On the other hand, Spain's economy is expected to deliver a standout performance in the second quarter, driven by robust consumer spending trends and a gradual recovery in corporate investment. Meanwhile, France's economy is also projected to show a relatively positive trajectory. However, its growth remains heavily reliant on increased corporate inventories, with actual domestic demand and trade continuing to act as drags on GDP. Based on this, we believe that the short-term strength of France's economy is unlikely to be sustained over the medium term.
Looking ahead, the eurozone economy still faces the risk of a sustained downturn, with the core trigger being that tariff provisions in the new EU-U.S. trade agreement will weaken the export competitiveness of European enterprises.

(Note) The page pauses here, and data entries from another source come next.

(* Let $L\in\mathcal L_n$. For $k\in[n]$ let $P_k$ be the $n\times n$ permutation matrix with $(P_k)_{i,j}=1$ iff $L_{i,j}=k$. Then $$\sum_{k=1}^n r(P_k)=\frac{n^2(n^2-1)}{12}.$$ The same identity holds when $P_1,\dots,P_n$ are instead the permutation matrices determined by the rows of $L$ (for row $i$, $(P_i)_{j,k}=1$ iff $L_{i,j}=k$) or by the columns of $L$ (for column $j$, $(P_j)_{i,k}=1$ iff $L_{i,j}=k$).
   Context: Let $[n]=\{1,\dots,n\}$. A Latin square of order $n$ is an $n\times n$ array with entries in $[n]$ in which each symbol occurs exactly once in each row and each column; $\mathcal L_n$ is the set of them. For an $n\times n$ matrix $P$, its corner-sum matrix is $\Sigma(P)_{i,j}=\sum_{a\le i,b\le j}P_{a,b}$ for $i,j\in\{0,\dots,n\}$. For a permutation matrix (or alternating sign matrix) $P$ of order $n$, $r(P)$ denotes its rank in the lattice of $n\times n$ alternating sign matrices under the Bruhat order (whose minimum is the identity $I_n$), namely $r(P)=\sum_{0\le i,j\le n}\big(\min(i,j)-\Sigma(P)_{i,j}\big)$. *)

From mathcomp Require Import all_boot all_order all_algebra.
Set Implicit Arguments. Unset Strict Implicit. Unset Printing Implicit Defensive.
Import Order.TTheory GRing.Theory Num.Theory.
Local Open Scope ring_scope.

(* Symbols [n] = {1..n} are encoded as 'I_n = {0..n-1} (shift by one);
   rows/columns likewise indexed by 'I_n. *)

Definition latin_square (n : nat) (L : 'M['I_n]_n) : Prop :=
  (forall (i k : 'I_n), #|[set j : 'I_n | L i j == k]| = 1%N) /\
  (forall (j k : 'I_n), #|[set i : 'I_n | L i j == k]| = 1%N).

(* Corner-sum matrix: Sigma(P)_{i,j} = sum_{a <= i, b <= j} P_{a,b}
   (1-indexed), for i, j in {0..n}; in 0-indexed form a < i, b < j. *)
Definition corner_sum (n : nat) (P : 'M[int]_n) (i j : nat) : int :=
  \sum_(a < n | (a < i)%N) \sum_(b < n | (b < j)%N) P a b.

(* Rank in the Bruhat order lattice of ASMs:
   r(P) = sum_{0 <= i,j <= n} (min(i,j) - Sigma(P)_{i,j}). *)
Definition asm_rank (n : nat) (P : 'M[int]_n) : int :=
  \sum_(i < n.+1) \sum_(j < n.+1) ((minn i j)%:Z - corner_sum P i j).

Definition symbol_pm (n : nat) (L : 'M['I_n]_n) (k : 'I_n) : 'M[int]_n :=
  \matrix_(i, j) ((L i j == k) : nat)%:Z.

Definition row_pm (n : nat) (L : 'M['I_n]_n) (i : 'I_n) : 'M[int]_n :=
  \matrix_(j, k) ((L i j == k) : nat)%:Z.

Definition col_pm (n : nat) (L : 'M['I_n]_n) (j : 'I_n) : 'M[int]_n :=
  \matrix_(i, k) ((L i j == k) : nat)%:Z.

(** If permutation matrices [P_k] (k ranging over a set of size [m]) add up
    to the all-ones matrix [J], then by linearity of corner sums
    [sum_k Sigma(P_k)_{i,j} = Sigma(J)_{i,j} = i j], so
    [sum_k r(P_k) = sum_{i,j <= n} (m min(i,j) - i j)].  The symbol, row and
    column matrices of a Latin square each partition [J] with [m = n], and
    [n sum min(i,j) - sum i j = n^2 (n+1)(2n+1)/6 - n^2 (n+1)^2/4
     = n^2 (n^2 - 1)/12]. *)

From mathcomp Require Import all_boot all_order all_algebra zify.
Import Order.TTheory GRing.Theory Num.Theory.
Local Open Scope ring_scope.

Lemma sum_corner_sum (I : finType) n (F : I -> 'M[int]_n) i j :
  \sum_k corner_sum (F k) i j = corner_sum (\sum_k F k) i j.
Proof.
rewrite /corner_sum exchange_big; apply: eq_bigr => a _.
rewrite exchange_big; apply: eq_bigr => b _.
by rewrite summxE.
Qed.

Lemma corner_sum_const1 n i j : (i <= n)%N -> (j <= n)%N ->
  corner_sum (const_mx 1 : 'M[int]_n) i j = (i * j)%:R.
Proof.
move=> le_in le_jn; rewrite /corner_sum (big_ord_narrow le_in) /=.
under eq_bigr => a _ do rewrite (big_ord_narrow le_jn) /=.
under eq_bigr do under eq_bigr do rewrite mxE.
by rewrite !sumr_const !card_ord -mulrnA mulnC.
Qed.

Lemma sum_asm_rank (I : finType) n (F : I -> 'M[int]_n) :
  \sum_k F k = const_mx 1 ->
  \sum_k asm_rank (F k) =
  \sum_(i < n.+1) \sum_(j < n.+1) ((#|I| * minn i j)%:R - (i * j)%:R).
Proof.
move=> sumF; rewrite /asm_rank exchange_big; apply: eq_bigr => i _.
rewrite exchange_big; apply: eq_bigr => j _.
rewrite sumrB sumr_const sum_corner_sum sumF.
rewrite (@corner_sum_const1 n i j (ltn_ord i) (ltn_ord j)).
by congr (_ - _); rewrite natrM mulr_natl natz.
Qed.

Local Open Scope nat_scope.

Lemma sum_ord_id n : 2 * \sum_(i < n.+1) i = n * n.+1.
Proof.
elim: n => [|n IHn]; first by rewrite big_ord1.
by rewrite big_ord_recr /= mulnDr IHn -mulnDl addn2 mulnC.
Qed.

Lemma sum_ord_mul n : 4 * \sum_(i < n.+1) \sum_(j < n.+1) i * j = (n * n.+1) ^ 2.
Proof.
rewrite (eq_bigr (fun i : 'I_n.+1 => i * \sum_(j < n.+1) j)); last first.
  by move=> i _; rewrite big_distrr.
by rewrite -big_distrl /= -sum_ord_id expnMn mulnn.
Qed.

Lemma sum_ord_min n :
  6 * \sum_(i < n.+1) \sum_(j < n.+1) minn i j = n * n.+1 * (2 * n).+1.
Proof.
elim: n => [|n IHn]; first by rewrite !big_ord1.
have new_col (i : 'I_n.+1) :
    \sum_(j < n.+2) minn i j = \sum_(j < n.+1) minn i j + i.
  by rewrite big_ord_recr /= (minn_idPl (ltnW (ltn_ord i))).
have new_row : \sum_(j < n.+2) minn n.+1 j = \sum_(j < n.+1) j + n.+1.
  rewrite big_ord_recr /= minnn; congr (_ + _).
  by apply: eq_bigr => j _; apply/minn_idPr/ltnW.
rewrite big_ord_recr /= (eq_bigr _ (fun i _ => new_col i)) big_split /= new_row.
have := sum_ord_id n.
move: IHn; set A := \sum_(i < n.+1) _; set S := \sum_(i < n.+1) _.
by clearbody A S; nia.
Qed.

Local Open Scope ring_scope.

Lemma sum_min_sub_mul n :
  12 * \sum_(i < n.+1) \sum_(j < n.+1) ((n * minn i j)%:R - (i * j)%:R)
  = (n ^ 2 * (n ^ 2 - 1))%:R :> int.
Proof.
under eq_bigr do rewrite sumrB -!natr_sum -big_distrr.
rewrite sumrB -!natr_sum -big_distrr /= !natz.
have := sum_ord_min n; have := sum_ord_mul n.
set A := \sum_(i < n.+1) _; set B := \sum_(i < n.+1) _.
by clearbody A B; nia.
Qed.

Lemma intr_eq_divn (F : numFieldType) (x : int) (d m : nat) :
  (0 < d)%N -> d%:R * x = m%:R -> x%:~R = m%:R / d%:R :> F.
Proof.
move=> d_gt0 /(congr1 (intr : int -> F)); rewrite rmorphM !rmorph_nat /= => <-.
by rewrite mulrAC mulfV ?mul1r // pnatr_eq0 -lt0n.
Qed.

Lemma sum_indicator (I : finType) (P : pred I) :
  \sum_i (P i : nat)%:Z = #|[set i | P i]|%:Z.
Proof.
rewrite -sum1dep_card -[RHS]natz natr_sum [RHS]big_mkcond.
by apply: eq_bigr => i _; case: (P i).
Qed.

Lemma sum_symbol_pm n (L : 'M['I_n]_n) : \sum_k symbol_pm L k = const_mx 1.
Proof.
apply/matrixP => a b; rewrite summxE mxE; under eq_bigr do rewrite mxE.
rewrite sum_indicator (_ : [set k | L a b == k] = [set L a b]) ?cards1 //.
by apply/setP => k; rewrite !inE eq_sym.
Qed.

Lemma sum_row_pm n (L : 'M['I_n]_n) : latin_square L ->
  \sum_i row_pm L i = const_mx 1.
Proof.
move=> [_ col1]; apply/matrixP => j k; rewrite summxE mxE.
by under eq_bigr do rewrite mxE; rewrite sum_indicator col1.
Qed.

Lemma sum_col_pm n (L : 'M['I_n]_n) : latin_square L ->
  \sum_j col_pm L j = const_mx 1.
Proof.
move=> [row1 _]; apply/matrixP => i k; rewrite summxE mxE.
by under eq_bigr do rewrite mxE; rewrite sum_indicator row1.
Qed.

Theorem mainTheorem13 (n : nat) (L : 'M['I_n]_n) :
  latin_square L ->
  [/\ ((\sum_(k < n) asm_rank (symbol_pm L k))%:~R : rat)
        = ((n ^ 2 * (n ^ 2 - 1))%N)%:R / 12,
      ((\sum_(i < n) asm_rank (row_pm L i))%:~R : rat)
        = ((n ^ 2 * (n ^ 2 - 1))%N)%:R / 12 &
      ((\sum_(j < n) asm_rank (col_pm L j))%:~R : rat)
        = ((n ^ 2 * (n ^ 2 - 1))%N)%:R / 12].
Proof.
move=> latL.
have rank_sum (F : 'I_n -> 'M[int]_n) : \sum_k F k = const_mx 1 ->
    ((\sum_k asm_rank (F k))%:~R : rat) = ((n ^ 2 * (n ^ 2 - 1))%N)%:R / 12.
  move=> sumF; apply: intr_eq_divn => //.
  by rewrite sum_asm_rank // card_ord sum_min_sub_mul.
split; apply: rank_sum;
  [exact: sum_symbol_pm | exact: sum_row_pm | exact: sum_col_pm].
Qed.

In the short term, such an impact may weigh on economic growth in European countries; in the medium to long term, it could further exacerbate the shift of European manufacturing to the U.S., becoming a drag on the prospects of Europe’s economy. Meanwhile, as the EU has pledged to increase investment in the U.S., the development of local industries and employment conditions in Europe may be negatively affected as a result.
Figure 2: Eurozone Real GDP (%)
Source: Refinitiv, TradingKey
In light of a sluggish economic outlook and inflation remaining at relatively low levels (Figure 3), the European Central Bank (ECB) is anticipated to stick to a fairly loose monetary policy direction. Since it began cutting interest rates in June 2024, the central bank has so far lowered its policy rates by a cumulative 235 basis points (Figure 4). After the ECB opted to leave policy rates steady on 24 July, we conjecture that it will once again enter a phase of continuous rate cuts starting from September, and by the first half of 2026, the eurozone is set to see a low-interest-rate environment.
Figure 3: Eurozone CPI (%, y-o-y)
Source: Refinitiv, TradingKey
Figure 4: ECB Policy Rate (%)
Source: Refinitiv, TradingKey
In the foreign exchange market, since February this year, the US Dollar Index has come under pressure and declined due to the global trend of de-dollarisation, which in turn has driven the EUR/USD exchange rate to rise continuously. Looking ahead, as the slowdown in the eurozone's economic growth coincides with the ECB's ongoing interest rate cuts, forming a combined effect, we predict that the euro's upward momentum may weaken, and this currency pair will most likely enter a fluctuation range.